Generation Y. Victims of ageism.

It wasn’t that long ago that grey hair meant your job was in jeopardy. Anyone over forty, in fact, had trouble finding a job again once he lost it. As for women over forty getting a job, well, there were plenty of domestic positions around for them, but not much else.

How times have changed!

According to a report in “The Australian” newspaper (12/12/07) baby boomers are the age group of choice nowadays because of their experience and their work ethic. Generation X come next in preferred age group by small business owners, and Generation Y come last. Even Generation X bosses prefer to employ the older folks.

This is in spite of the world being obsessed with looking younger and younger, and having plastic surgery to obliterate any evidence of being on this planet longer than 20 years. Many people have abandoned the concept of aging gracefully (was it ever graceful?) and indulge in all sorts of therapy from Botox to peels to stretching the skin and knotting it around the ears. That’s their prerogative.

But when it comes to employment, it’s the reliable and experienced worker who has the advantage.

Reasons given for this new phenomenon is that older workers bring with them a world of experience.
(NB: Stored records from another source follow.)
Lemma in_A_ge_inv (d : nat) (alpha beta : rat) :
  (2 <= d)%N -> in_A d alpha beta ->
  ((d * (d ^ 2 - 1))%:R)^-1 <= alpha /\ ((d * (d ^ 2 - 1))%:R)^-1 <= beta.
Proof.
move=> d_ge2 [alpha_gt0 [beta_gt0 inT_all]].
have K_gt0 : (0 < d * (d ^ 2 - 1))%N by nia.
have val_ge q q_prime := inT_ge_neg_logn d_ge2 q_prime (inT_all q q_prime).
by split; apply: ge_invn_of_qval => // q q_prime; case: (val_ge q q_prime).
Qed.

Lemma cube_mul_lt_expn (K Q l : nat) :
  (K <= 2 ^ 18)%N -> (2 <= Q)%N -> (1000 < l)%N -> (K ^ 3 * Q < Q ^ l)%N.
Proof.
move=> K_le Q_ge2; case: l => // l l_gt.
rewrite (expnSr Q l) ltn_pmul2r ?(ltnW Q_ge2) //.
apply: (@leq_ltn_trans ((2 ^ 18) ^ 3)); first by rewrite leq_exp2r.
apply: (@leq_trans (2 ^ l)); first by rewrite -expnM ltn_exp2l //; lia.
by rewrite leq_exp2r //; lia.
Qed.

Section SmallDefect.

Variables (alpha beta : rat) (D K A B l : nat).
Hypotheses (D_gt0 : (0 < D)%N) (D_lt_K : (D < K)%N).
Hypotheses (alpha_ge : (K%:R)^-1 <= alpha) (beta_ge : (K%:R)^-1 <= beta).
Hypotheses (A_gt0 : (0 < A)%N) (B_gt0 : (0 < B)%N).
Hypotheses (A_large : (K ^ 3 * A < A ^ l)%N) (B_large : (K ^ 3 * B < B ^ l)%N).
Hypothesis eq_D : 4 * beta * B%:R ^+ l - alpha ^+ 2 * A%:R ^+ l = D%:R.

Local Notation k := (K%:R : rat).
Local Notation eps := (D%:R / (alpha ^+ 2 * A%:R ^+ l)).

Let k_gt0 : 0 < k. Proof. by rewrite ltr0n (leq_ltn_trans _ D_lt_K). Qed.

Let mul_k_ge1 (c : rat) : k^-1 <= c -> 1 <= c * k.
Proof. by rewrite -ler_pdivrMr // div1r. Qed.

Let alpha_gt0 : 0 < alpha.
Proof. by apply: lt_le_trans alpha_ge; rewrite invr_gt0. Qed.

Let beta_gt0 : 0 < beta.
Proof. by apply: lt_le_trans beta_ge; rewrite invr_gt0. Qed.

Let denom_gt0 : 0 < alpha ^+ 2 * A%:R ^+ l.
Proof. by rewrite mulr_gt0 ?exprn_gt0 ?ltr0n. Qed.

Lemma eps_gt0 : 0 < eps.
Proof. by rewrite divr_gt0 ?ltr0n. Qed.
But that’s what they always offered, so it doesn’t gel with me as an explanation.

I think it’s because older workers will stick with a job longer whereas Generation Y (or Y bother, as I like to call them) have a very short attention span and require change or promotion within two weeks of taking up a position.

It’s not their fault that they want instant gratification in a world that offers them a pizza delivery in 15 minutes or they get it for free. Everything has been instant for them and so they have the attention span of a gnat.

They have never had to wait for anything for we have offered them instant internet connection, instant downloads of music, instant replies to their phone messages. You want it, so get it right now!

When they take a job they can’t wait for that increase in salary, that rise to fame, and so they start looking around for other opportunities. Their CV’s resemble a visit to Disneyland. One minute on the ferris wheel, 2 minutes in the Chamber of Horrors, a stint at Sizzler, two weeks in an I.T firm, three weeks at a repair shop. No wonder they can’t stick to anything.

They have never had to!

Employers have become smarter and now seek continuity and reliability, They need someone who will turn up to work on a Monday morning even if it’s been a hectic weekend. What they don’t want is someone phoning in and saying he’s suffering from the Bubonic Plague and can’t come in.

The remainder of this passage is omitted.